For monthly_charge = 40, I replace every customer’s monthly charge with 40, keep their other features as they are, predict churn for all rows, and average the predictions.

Then I repeat for 60, 80, 100, and 120.

The result might look like:

charge  average predicted churn
40      0.18
60      0.24
80      0.36
100     0.55
120     0.66

That would suggest the model’s average prediction increases as monthly charge increases.

How I interpret PDPs

An upward trend suggests the model predicts higher outcomes as the feature increases.

A flat line suggests the model is not using that feature much, at least on average.

A curved line suggests nonlinear behavior.

The phrase “on average” is the warning label. PDP can hide subgroup differences. It can also create unrealistic feature combinations when the feature of interest is strongly correlated with other features.

For example, if temperature and ice cream sales are strongly related, forcing temperature to change while holding ice cream sales fixed may create samples that do not represent reality.

ICE: individual behavior behind the average

ICE plots are closely related to PDPs.

The difference is that ICE keeps the individual lines instead of averaging them immediately.

For each observation, I vary the feature of interest across the grid and plot that observation’s prediction path. The PDP is basically the average of those ICE lines.

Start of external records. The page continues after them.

Lemma cone_sup_increasing (f : nat -> Prod Xs) (a : Prod Xs) :
  (forall k, H (f k)) -> (forall k, ple (f k) (f (S k))) ->
  inLim p a -> (forall k, ple (f k) a) ->
  exists g, H g /\ is_supX p (fun y => exists k, y = f k) g.
Proof.
intros Hf Hinc La Ha.
assert (Hmono := ple_increasing f Hinc).
destruct (Hlimsup f Hf) as [s [g [Hs [[Lg [Hg1 Hg2]] Hg]]]].
- exists a. auto.
- exists (f 0%nat). split; [apply cone_inLim; auto|intros k; apply Hmono; lia].
- exists g. split; [exact Hg|]. split; [exact Lg|split].
  + intros y [M ->]. apply Hg2; [apply cone_inLim; auto|]. intros z [n ->].
    apply ple_trans with (f (Nat.max n M)); [apply Hmono; lia|].
    apply (Hs n). exists (Nat.max n M). split; [lia|reflexivity].
  + intros z Lz Hz. apply ple_trans with (s 0%nat); [apply Hg1; exists 0%nat; reflexivity|].
    apply (Hs 0%nat); auto. intros y [k [_ ->]]. apply Hz. exists k. reflexivity.
Qed.

Lemma cone_inf_decreasing (f : nat -> Prod Xs) (b : Prod Xs) :
  (forall k, H (f k)) -> (forall k, ple (f (S k)) (f k)) ->
  inLim p b -> (forall k, ple b (f k)) ->
  exists g, H g /\ is_infX p (fun y => exists k, y = f k) g.
Proof.
intros Hf Hdec Lb Hb.
assert (Hmono := ple_decreasing f Hdec).
destruct (Hlimsup f Hf) as [s [g [Hs [[Lg [Hg1 Hg2]] Hg]]]].
- exists (f 0%nat). split; [apply cone_inLim; auto|intros k; apply Hmono; lia].
- exists b. auto.
- (* the supremum of the tail from [n] is [f n] *)
  assert (Hsf : forall n, ple (s n) (f n)).
  { intros n. apply (Hs n); [apply cone_inLim; auto|]. intros y [k [Hk ->]]. apply Hmono, Hk. }
  assert (Hfs : forall n, ple (f n) (s n)).
  { intros n. apply (Hs n). exists n. split; [lia|reflexivity]. }
  exists g. split; [exact Hg|]. split; [exact Lg|split].
  + intros y [k ->]. apply ple_trans with (s k); [apply Hg1; exists k; reflexivity|apply Hsf].
  + intros z Lz Hz. apply Hg2; auto. intros y [n ->].
    apply ple_trans with (f n); [apply Hz; exists n; reflexivity|apply Hfs].
Qed.

(** Any sequence of [H] bounded above in [X] has its supremum in [H]: take the
    supremum of its finite joins. *)
Lemma cone_sup (f : nat -> Prod Xs) (a : Prod Xs) :
  (forall k, H (f k)) -> inLim p a -> (forall k, ple (f k) a) ->
  exists g, H g /\ is_supX p (fun y => exists k, y = f k) g.
Proof.
intros Hf La Ha.
destruct (cone_sup_increasing (pjoin_upto f) a) as [g [Hg [Lg [Hup Hleast]]]].
- intros M. apply cone_pjoin_upto, Hf.
- intros M. apply pjoin_l.
- exact La.
- intros M. apply pjoin_upto_lub. intros j _. apply Ha.
- exists g. split; [exact Hg|]. split; [exact Lg|split].
  + intros y [k ->]. apply ple_trans with (pjoin_upto f k); [apply pjoin_upto_ge; lia|].
    apply Hup. exists k. reflexivity.
  + intros z Lz Hz. apply Hleast; auto. intros y [M ->].
    apply pjoin_upto_lub. intros j _. apply Hz. exists j. reflexivity.
Qed.

Variable q1 : Xs 0%nat -> R.
Hypothesis q1_incr : forall a b : Xs 0%nat, vle a b -> q1 a <= q1 b.
Hypothesis Hinf : inf_stable p H q1.

Lemma compactness (x : Prod Xs) (c : R) : inLim p x ->
  (forall n, exists h, H h /\ vle (h n) (x n) /\ c <= q1 (h 0%nat)) ->
  exists G, H G /\ ple G x /\ c <= q1 (G 0%nat).
Proof.
intros Lx Happrox.
destruct (seq_choice _ _ Happrox) as [f Hf].
assert (Lf : forall k, inLim p (f k)) by (intros k; apply cone_inLim, Hf).
assert (Hfx : forall k, vle (f k k) (x k)) by (intros k; apply Hf).
(* [s N]: supremum in [H] of the tail [(f k)_{k >= N}], below [envelope x f N] *)
assert (Htail : forall N, exists s, H s /\ is_supX p (fun y => exists k, y = f (N + k)%nat) s).
{ intros N. apply (cone_sup (fun k => f (N + k)%nat) (envelope x f N)).
  - intros k. apply Hf.
  - apply envelope_inLim; auto.
  - intros k. apply envelope_ge; auto. lia. }
destruct (seq_choice _ _ Htail) as [s Hs].
assert (s_env : forall N, ple (s N) (envelope x f N)).
{ intros N. apply (Hs N); [apply envelope_inLim; auto|].
  intros y [k ->]. apply envelope_ge; auto. lia. }
assert (f_s : forall N, ple (f N) (s N)).
{ intros N. apply (Hs N). exists 0%nat. rewrite Nat.add_0_r. reflexivity. }
assert (s_decr : forall N, ple (s (S N)) (s N)).
{ intros N. apply (Hs (S N)); [apply (Hs N)|].
  intros y [k ->]. apply (Hs N). exists (S k). f_equal. lia. }
assert (s_c : forall N, c <= q1 (s N 0%nat)).
{ intros N. apply Rle_trans with (q1 (f N 0%nat)); [apply Hf|apply q1_incr, f_s]. }
(* [G]: infimum in [H] of the decreasing sequence [s], controlled by (v) *)
set (Q := fun r => exists k, r = q1 (s k 0%nat)).
assert (HQ : is_glb Q (Rinf Q)).
{ apply Rinf_glb; [exists (q1 (s 0%nat 0%nat)), 0%nat; reflexivity|].
  exists c. intros r [k ->]. apply s_c. }
destruct (Hinf s (fun N => proj1 (Hs N)) s_decr (Rinf Q) HQ) as [[b [Lb Hb]] Hq_inf].
destruct (cone_inf_decreasing s b) as [G [HG HGinf]]; auto; [intros N; apply Hs|].
exists G. split; [exact HG|split].
- intros N. apply vle_trans with (s N N); [apply HGinf; exists N; reflexivity|].
  rewrite <- (envelope_at x f N). apply s_env.
- apply Rle_trans with (Rinf Q); [apply (proj2 HQ); intros r [k ->]; apply s_c|].
  apply Hq_inf, HGinf.
Qed.

(** ** Separation.
    For [z ∈ X0], [coord_gauge n z = - sup { q h : h ∈ H, h_n <= z_n }]; by (ii)
    it is a real-valued sublinear functional on [X0]. *)
Definition coord_gauge (n : nat) (z : Prod Xs) : R :=
  Rinf (fun u => exists h, H h /\ vle (h n) (z n) /\ u = - q1 (h 0%nat)).

Hypothesis q1_supadd : forall a b : Xs 0%nat, q1 a + q1 b <= q1 (vadd a b).
Hypothesis q1_hom : forall (t : R) (a : Xs 0%nat), 0 < t -> q1 (vscal t a) = t * q1 a.
Variable X0 : Prod Xs -> Prop.
Hypothesis HX0 : subspace Xs p X0.
Hypothesis Hii : forall n x, X0 x -> exists h, H h /\ vle (h n) (x n).

Lemma coord_gauge_nonempty n z : X0 z ->
  exists u, exists h, H h /\ vle (h n) (z n) /\ u = - q1 (h 0%nat).
Proof.
intros Hz. destruct (Hii n z Hz) as [h [Hh Hhz]]. exists (- q1 (h 0%nat)), h. auto.
Qed.

Lemma coord_gauge_bounded n z : X0 z ->
  bounded_below (fun u => exists h, H h /\ vle (h n) (z n) /\ u = - q1 (h 0%nat)).
Proof.
intros Hz. exists (- q1 (z 0%nat)). intros u [h [Hh [Hhz ->]]].
assert (Hh0 : vle (h 0%nat) (z 0%nat)).
{ apply (lim_coord_mono h z n); [apply cone_inLim; auto|apply HX0; auto|exact Hhz|lia]. }
pose proof (q1_incr _ _ Hh0). lra.
Qed.

Lemma coord_gauge_le n h z : H h -> vle (h n) (z n) -> X0 z -> coord_gauge n z <= - q1 (h 0%nat).
Proof.
intros Hh Hhz Hz. apply Rinf_le; [exists h; auto|apply coord_gauge_bounded; auto].
Qed.

Lemma coord_gauge_sublinear n : sublinear_on X0 (coord_gauge n).
Proof.
destruct HH as [_ [HA HS]]. split.
- intros z w Hz Hw. unfold coord_gauge at 2 3.
  apply Rinf_add; try apply coord_gauge_nonempty; auto.
  intros a b [h [Hh [Hhz ->]]] [k [Hk [Hkw ->]]].
  eapply Rle_trans; [apply (coord_gauge_le n (padd h k)); auto|].
  + apply vle_add2; auto.
  + apply HX0; auto.
  + pose proof (q1_supadd (h 0%nat) (k 0%nat)). unfold padd. lra.
- intros t z Ht Hz. unfold coord_gauge.
  apply Rinf_scale; auto; [apply coord_gauge_nonempty; auto|apply coord_gauge_bounded; auto| |].
  + intros a [h [Hh [Hhz ->]]]. exists (pscal t h). split; [apply HS; auto|split].
    * apply vle_scal; [lra|exact Hhz].
    * unfold pscal. rewrite q1_hom; auto. ring.
  + intros b [h [Hh [Hhz ->]]]. assert (Ht' : 0 < / t) by (apply Rinv_0_lt_compat; lra).
    exists (pscal (/ t) h). split; [apply HS; auto|split].
    * unfold pscal. rewrite <- (vscal1 _ (z n)), <- (Rinv_l t), <- vscalA by lra.
      apply vle_scal; [lra|exact Hhz].
    * unfold pscal. rewrite q1_hom; auto. ring.
Qed.
Lemma computable_on_search o k Pf Q f : computable_on o (S k) Pf f ->
  (forall v, length v = k -> Q v -> (forall n, Pf (n :: v)) /\ exists n, f (n :: v) = 0) ->
  exists h, computable_on o k Q h /\ forall v, length v = k -> Q v -> f (h v :: v) = 0.
Proof.
  intros Hf H.
  set (least v n := f (n :: v) = 0 /\ forall m, f (m :: v) = 0 -> n <= m).
  assert (Hleast : forall v, length v = k -> Q v -> exists n, least v n).
  { intros v Hl HQ. destruct (H v Hl HQ) as [_ Hex].
    destruct (dec_inh_nat_subset_has_unique_least_element (fun n => f (n :: v) = 0))
      as [n [Hn _]]; eauto.
    intros n. destruct (Nat.eq_dec (f (n :: v)) 0); auto. }
  exists (fun v => epsilon (inhabits 0) (least v)).
  assert (Hh : forall v, length v = k -> Q v -> least v (epsilon (inhabits 0) (least v)))
    by (intros; apply epsilon_spec; auto).
  split; [|intros v Hl HQ; apply Hh; auto].
  apply (computable_on_mu o k Pf Q f); [exact Hf|]. intros v Hl HQ.
  destruct (Hh v Hl HQ) as [H0 Hmin]. split; [intros n _; apply H; auto|split; auto].
  intros m Hm Hm0. specialize (Hmin m Hm0). lia.
Qed.

Lemma computable_on_pred o k Q g :
  computable_on o k Q g -> computable_on o k Q (fun v => pred (g v)).
Proof.
  apply computable_on_app1.
  apply (computable_primrec0 o pred 0 (fun n _ => n)); auto.
  apply computable_on_proj; lia.
Qed.

Lemma computable_on_add o k Q g1 g2 : computable_on o k Q g1 -> computable_on o k Q g2 ->
  computable_on o k Q (fun v => g1 v + g2 v).
Proof.
  apply computable_on_app2.
  apply (computable_primrec1 o Nat.add (fun y => y) (fun _ r _ => S r)); auto.
  - apply computable_on_proj; lia.
  - apply computable_on_succ, computable_on_proj; lia.
Qed.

This makes ICE useful when the average hides variation.

An ICE example

Using the same monthly charge example, imagine three customers:

Customer A: long tenure, low support tickets
Customer B: medium tenure, some support tickets
Customer C: short tenure, many support tickets

If all three ICE lines rise similarly as charge increases, then the PDP average is probably a good summary.

If Customer C’s line rises sharply while Customer A’s line is flat, then the average PDP is hiding subgroup behavior.

If ICE lines cross heavily, that can suggest interactions. The effect of monthly charge may depend on another feature like tenure or support history.

Coloring ICE lines by a second feature can help reveal this. For example, coloring by tenure might show that short-tenure customers respond differently than long-tenure customers.

How I choose among them

If I need to explain one prediction, I would start with SHAP waterfall or LIME.

If I need global importance, I would use SHAP bar or beeswarm plots.

If I need to understand how one feature changes model predictions on average, I would use PDP.

If I suspect interactions or subgroup differences, I would use ICE alongside PDP.

The main thing I want to remember is that interpretability tools are diagnostic tools. They help me ask better questions about a model, but they do not automatically prove causality, fairness, or correctness.